Chapter 2, on Spenser, includes work that was originally published in two articles:

“Spenser Out of His Stanza.” This article appeared in Style 39 (Fall 2005): 316–35. Copyright © 2005 The Pennsylvania State University Press. This article is used by permission of The Pennsylvania State University Press.

“Letters for the Dogs: Chasing Spenserian Alliteration.” This article was published in Spenser Studies 25 (2010): 263–85. Copyright © The University of Chicago, https://doi.org/10.7756/spst.025.011.263-285.
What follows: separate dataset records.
(* Let $n>1$ and let $\varphi:\mathcal A\to\mathcal A$ be a continuous, multiplicative (i.e. $\varphi(AB)=\varphi(A)\varphi(B)$), norm preserving (i.e. $\|\varphi(A)\|=\|A\|$) map, not assumed linear, such that $\varphi(S)=S$. Then $\varphi$ is either homogeneous, i.e. $\varphi(\alpha A)=\alpha\varphi(A)$ for all $\alpha\in\mathbb C$, $A\in\mathcal A$, or skew-homogeneous, i.e. $\varphi(\alpha A)=\overline{\alpha}\varphi(A)$ for all $\alpha\in\mathbb C$, $A\in\mathcal A$.
   Context: $S$ denotes the $n\times n$ nilpotent Jordan block with ones on the superdiagonal and zeros elsewhere. $\mathcal A=\{f(S): f\text{ a complex polynomial}\}$ is the algebra of $n\times n$ upper-triangular Toeplitz matrices. $\|\cdot\|$ is the operator norm on $M_n(\mathbb C)$ induced by the Euclidean norm on $\mathbb C^n$. *)

From Stdlib Require Import Reals Lra Arith ClassicalEpsilon.
Open Scope R_scope.

Definition Cx : Type := (R * R)%type.
Definition C0 : Cx := (0, 0).
Definition C1 : Cx := (1, 0).
Definition Cadd (z w : Cx) : Cx := (fst z + fst w, snd z + snd w).
Definition Copp (z : Cx) : Cx := (- fst z, - snd z).
Definition Cmul (z w : Cx) : Cx :=
  (fst z * fst w - snd z * snd w, fst z * snd w + snd z * fst w).
Definition Cconj (z : Cx) : Cx := (fst z, - snd z).
Definition Cnorm2 (z : Cx) : R := fst z * fst z + snd z * snd z.

Fixpoint Csum (m : nat) (f : nat -> Cx) : Cx :=
  match m with O => C0 | S m' => Cadd (Csum m' f) (f m') end.
Fixpoint Rsum (m : nat) (f : nat -> R) : R :=
  match m with O => 0 | S m' => Rsum m' f + f m' end.

(** n x n complex matrices, represented as functions nat -> nat -> Cx that
    vanish outside the index range {0..n-1}^2 (all operations below keep
    this invariant, so Leibniz equality is matrix equality). *)
Definition Mat : Type := nat -> nat -> Cx.
Definition inrange (n i j : nat) : bool := (Nat.ltb i n && Nat.ltb j n)%bool.

Definition mmul (n : nat) (A B : Mat) : Mat :=
  fun i j => if inrange n i j then Csum n (fun k => Cmul (A i k) (B k j)) else C0.
Definition madd (n : nat) (A B : Mat) : Mat :=
  fun i j => if inrange n i j then Cadd (A i j) (B i j) else C0.
Definition msub (n : nat) (A B : Mat) : Mat :=
  fun i j => if inrange n i j then Cadd (A i j) (Copp (B i j)) else C0.
Definition mscale (n : nat) (a : Cx) (A : Mat) : Mat :=
  fun i j => if inrange n i j then Cmul a (A i j) else C0.
Definition mzero : Mat := fun _ _ => C0.
Definition mid (n : nat) : Mat :=
  fun i j => if inrange n i j then (if Nat.eqb i j then C1 else C0) else C0.

Definition Smat (n : nat) : Mat :=
  fun i j => if inrange n i j then (if Nat.eqb j (S i) then C1 else C0) else C0.

Fixpoint mpow (n : nat) (A : Mat) (k : nat) : Mat :=
  match k with O => mid n | S k' => mmul n A (mpow n A k') end.

(** f(S) for the complex polynomial f with coefficient list c (c_0 + c_1 X + ...) *)
Fixpoint poly_at_S (n : nat) (c : list Cx) (k : nat) : Mat :=
  match c with
  | nil => mzero
  | cons a c' => madd n (mscale n a (mpow n (Smat n) k)) (poly_at_S n c' (S k))
  end.

Definition inA (n : nat) (M : Mat) : Prop := exists c : list Cx, M = poly_at_S n c 0.

Definition vnorm (n : nat) (x : nat -> Cx) : R := sqrt (Rsum n (fun i => Cnorm2 (x i))).
Definition mapply (n : nat) (A : Mat) (x : nat -> Cx) : nat -> Cx :=
  fun i => Csum n (fun k => Cmul (A i k) (x k)).
Definition opnorm (n : nat) (A : Mat) : R :=
  epsilon (inhabits 0)
    (fun r => is_lub (fun y => exists x, vnorm n x <= 1 /\ y = vnorm n (mapply n A x)) r).

(* Write E = S^(n-1) for the corner matrix.  Since phi fixes S it fixes E, so
   phi(aE) = lam(a) E, where lam(a) is the diagonal of phi(aI); lam is multiplicative,
   lam(1) = 1 and |lam(a)| <= |a| by norm preservation.  Since (I + uE) S = S, also
   phi(I + uE) = I + del(u) E with del additive.  Continuity of phi at zE, along
   (1/k)I + zE = ((1/k)I)(I + kzE), gives del(z) = del(1) lam(z); hence lam is additive as
   well, i.e. a contractive field endomorphism of C, so the identity or conjugation.  Then
   |lam(a)| = |a| forces phi(aI) = lam(a) I, and phi(aA) = phi(aI) phi(A). *)

From Stdlib Require Import Reals Lra Lia ClassicalEpsilon FunctionalExtensionality List.
From Coquelicot Require Complex.
Open Scope R_scope.

Notation Cmod := Complex.Cmod.

Lemma Cx_eq (z w : Cx) : fst z = fst w -> snd z = snd w -> z = w.
Proof. destruct z, w; simpl; intros; subst; reflexivity. Qed.

Ltac cring := apply Cx_eq; unfold Cmul, Cadd, Copp, C0, C1, Cconj; simpl; ring.

Ltac case_nat := repeat match goal with
  | |- context [Nat.eqb ?a ?b] => destruct (Nat.eqb_spec a b)
  | |- context [Nat.ltb ?a ?b] => destruct (Nat.ltb_spec a b)
  | |- context [Nat.leb ?a ?b] => destruct (Nat.leb_spec a b)
  end; simpl in *; try lia; try reflexivity.

Lemma Cmod_Cnorm2 z : Cmod z = sqrt (Cnorm2 z).
Proof. unfold Complex.Cmod, Cnorm2. f_equal. ring. Qed.

Lemma Cnorm2_ge0 z : 0 <= Cnorm2 z.
Proof. unfold Cnorm2; nra. Qed.

Lemma Cmod_sqr z : Cmod z * Cmod z = Cnorm2 z.
Proof. rewrite Cmod_Cnorm2. apply sqrt_sqrt, Cnorm2_ge0. Qed.

Lemma Cnorm2_le z w : Cmod z <= Cmod w -> Cnorm2 z <= Cnorm2 w.
Proof. rewrite !Cmod_Cnorm2. intros H. apply sqrt_le_0; auto using Cnorm2_ge0. Qed.

Lemma Cmod_Cmul a b : Cmod (Cmul a b) = Cmod a * Cmod b.
Proof. exact (Complex.Cmod_mult a b). Qed.

Lemma Cmod_Cadd a b : Cmod (Cadd a b) <= Cmod a + Cmod b.
Proof. exact (Complex.Cmod_triangle a b). Qed.

Lemma Cmod_Copp a : Cmod (Copp a) = Cmod a.
Proof. exact (Complex.Cmod_opp a). Qed.

Lemma Cmod_C0 : Cmod C0 = 0.
Proof. exact Complex.Cmod_0. Qed.

Lemma Cmod_C1 : Cmod C1 = 1.
Proof. exact Complex.Cmod_1. Qed.

Lemma Cmod_eq0 z : Cmod z = 0 -> z = C0.
Proof. exact (Complex.Cmod_eq_0 z). Qed.

Lemma Cnorm2_eq0 z : Cnorm2 z = 0 -> z = C0.
Proof. destruct z as [a b]. unfold Cnorm2; simpl. intros. unfold C0; f_equal; nra. Qed.

Lemma Cmod_real x : 0 <= x -> Cmod (x, 0) = x.
Proof. intros Hx. change (Cmod (Complex.RtoC x) = x). rewrite Complex.Cmod_R. apply Rabs_pos_eq, Hx. Qed.

Lemma Csub_eq0 w v : Cadd w (Copp v) = C0 -> w = v.
Proof. destruct w, v. unfold Cadd, Copp, C0; simpl. intros H; injection H; intros; f_equal; lra. Qed.

Lemma Cadd_idem_eq0 z : Cadd z z = z -> z = C0.
Proof. destruct z. unfold Cadd, C0; simpl. intros H; injection H; intros; f_equal; lra. Qed.

Lemma Cmul_cancel c x y : c <> C0 -> Cmul c x = Cmul c y -> x = y.
Proof.
  intros Hc Hxy.
  assert (Hd : Cmod (Cmul c (Cadd x (Copp y))) = 0).
  { replace (Cmul c (Cadd x (Copp y))) with (Cadd (Cmul c x) (Copp (Cmul c y))) by cring.
    rewrite Hxy. replace (Cadd (Cmul c y) (Copp (Cmul c y))) with C0 by cring.
    exact Cmod_C0. }
  rewrite Cmod_Cmul in Hd. apply Rmult_integral in Hd as [Hd | Hd].
  - exfalso. apply Hc, Cmod_eq0, Hd.
  - apply Csub_eq0, Cmod_eq0, Hd.
Qed.

Lemma proportional_of_common_approx w l c :
  (forall eta, 0 < eta -> exists r,
     Cmod (Cadd (Cmul r w) (Copp l)) <= eta /\ Cmod (Cadd (Cmul r c) (Copp C1)) <= eta) ->
  c <> C0 /\ w = Cmul c l.
Proof.
  intros Happrox. split.
  - intros ->. destruct (Happrox (1/2) ltac:(lra)) as [r [_ H]].
    replace (Cadd (Cmul r C0) (Copp C1)) with (Copp C1) in H by cring.
    rewrite Cmod_Copp, Cmod_C1 in H. lra.
  - assert (Hd : Cmod (Cadd w (Copp (Cmul c l))) <= 0).
    { apply Rle_plus_epsilon. intros eps Heps.
      pose proof (Complex.Cmod_ge_0 w) as Hw; pose proof (Complex.Cmod_ge_0 c) as Hc.
      set (eta := eps / (Cmod w + Cmod c + 1)).
      assert (Heta : (Cmod w + Cmod c) * eta <= eps).
      { unfold eta. apply (Rmult_le_reg_r (Cmod w + Cmod c + 1)); [lra|].
        field_simplify; nra. }
      destruct (Happrox eta ltac:(unfold eta; apply Rdiv_lt_0_compat; lra)) as [r [H1 H2]].
      replace (Cadd w (Copp (Cmul c l))) with
        (Cadd (Cmul w (Copp (Cadd (Cmul r c) (Copp C1)))) (Cmul c (Cadd (Cmul r w) (Copp l))))
        by cring.
      eapply Rle_trans; [apply Cmod_Cadd|]. rewrite !Cmod_Cmul, Cmod_Copp. nra. }
    pose proof (Complex.Cmod_ge_0 (Cadd w (Copp (Cmul c l)))).
    apply Csub_eq0, Cmod_eq0. lra.
Qed.

Lemma nonneg_of_nat_lower_bound c d : (forall k, c <= INR k * d) -> 0 <= d.
Proof.
  intros H. destruct (Rle_lt_dec 0 d) as [|Hd]; auto. exfalso.
  destruct (INR_unbounded (c / d)) as [k Hk]. specialize (H k).
  assert (c / d * d = c) by (field; lra). nra.
Qed.

Section BoundedFieldEndomorphism.

Variable L : Cx -> Cx.
Hypothesis L_add : forall z w, L (Cadd z w) = Cadd (L z) (L w).
Hypothesis L_mul : forall z w, L (Cmul z w) = Cmul (L z) (L w).
Hypothesis L_one : L C1 = C1.
Hypothesis L_contraction : forall z, Cmod (L z) <= Cmod z.

Lemma L_zero : L C0 = C0.
Proof.
  apply Cadd_idem_eq0. rewrite <- L_add. f_equal. cring.
Qed.

Lemma L_opp z : L (Copp z) = Copp (L z).
Proof.
  assert (H : Cadd (L z) (L (Copp z)) = C0) by (rewrite <- L_add, <- L_zero; f_equal; cring).
  destruct (L z), (L (Copp z)). unfold Cadd, C0 in H; injection H; intros.
  unfold Copp; simpl; f_equal; lra.
Qed.

Lemma L_nat k : L (INR k, 0) = (INR k, 0).
Proof.
  induction k as [|k IH]; [exact L_zero|].
  replace (INR (S k), 0) with (Cadd (INR k, 0) C1) by (rewrite S_INR; cring).
  rewrite L_add, IH, L_one. reflexivity.
Qed.

(* L(x,0) is no farther than (x,0) from any of the fixed points (k,0) and (-k,0), k natural;
   letting k grow pins it to (x,0). *)
Lemma L_real x : L (x, 0) = (x, 0).
Proof.
  destruct (L (x, 0)) as [a b] eqn:Ex.
  assert (Hminus : forall k, a * a + b * b - x * x <= INR k * (2 * (a - x))).
  { intros k. pose proof (Cnorm2_le _ _ (L_contraction (Cadd (x, 0) (Copp (INR k, 0))))) as H.
    rewrite L_add, L_opp, Ex, L_nat in H. unfold Cnorm2, Cadd, Copp in H; simpl in H. nra. }
  assert (Hplus : forall k, a * a + b * b - x * x <= INR k * (2 * (x - a))).
  { intros k. pose proof (Cnorm2_le _ _ (L_contraction (Cadd (x, 0) (INR k, 0)))) as H.
    rewrite L_add, Ex, L_nat in H. unfold Cnorm2, Cadd in H; simpl in H. nra. }
  apply nonneg_of_nat_lower_bound in Hminus, Hplus as Ha.
  assert (a = x) as -> by lra. specialize (Hplus 0%nat). simpl in Hplus.
  f_equal. nra.
Qed.

Lemma contractive_field_endo_id_or_conj : (forall z, L z = z) \/ (forall z, L z = Cconj z).
Proof.
  destruct (L (0, 1)) as [p q] eqn:Ei.
  assert (Hsq : Cmul (p, q) (p, q) = (-1, 0)).
  { rewrite <- Ei, <- L_mul. replace (Cmul (0, 1) (0, 1)) with (-1, 0) by cring.
    apply L_real. }
  unfold Cmul in Hsq; simpl in Hsq. injection Hsq as E1 E2.
  assert (p = 0) as -> by nra.
  assert (HL : forall z, L z = (fst z, snd z * q)).
  { intros [a b]. replace (a, b) with (Cadd (a, 0) (Cmul (b, 0) (0, 1))) by cring.
    rewrite L_add, L_mul, !L_real, Ei. cring. }
  assert (q = 1 \/ q = -1) as [-> | ->] by nra; [left | right];
    intros z; rewrite HL; destruct z; cring.
Qed.

End BoundedFieldEndomorphism.

Lemma Csum_ext m f g : (forall l, (l < m)%nat -> f l = g l) -> Csum m f = Csum m g.
Proof. induction m; simpl; intros H; auto. rewrite IHm, H; auto. Qed.

Lemma Csum_C0 m : Csum m (fun _ => C0) = C0.
Proof. induction m; simpl; auto. rewrite IHm; cring. Qed.

Lemma Csum_add m f g : Csum m (fun l => Cadd (f l) (g l)) = Cadd (Csum m f) (Csum m g).
Proof. induction m; simpl; [cring|]. rewrite IHm; cring. Qed.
Other previously published essays include starting points, and ideas and observations that have been expanded and developed throughout the book. These include the following:

“Receiving and Rendering: Notes on the Edited Shakespeare Page.” This article was published in Textual Cultures 9, no. 1 (2014): 142–59. https://doi.org/10.14434/tc.v9i1.20118.

“Rosalind and Wroth: Tyranny and Domination.” This essay first appeared in Mary Wroth and Shakespeare, edited by Marion Wynne-Davies and Paul Salzman, 115–24. New York: Routledge, 2014.

“Distortion, Aggression, and Sex in Mary Wroth’s Sonnets.” This article first appeared in SEL Studies in English Literature 1500-1900 53, no. 1 (2013): 91–115.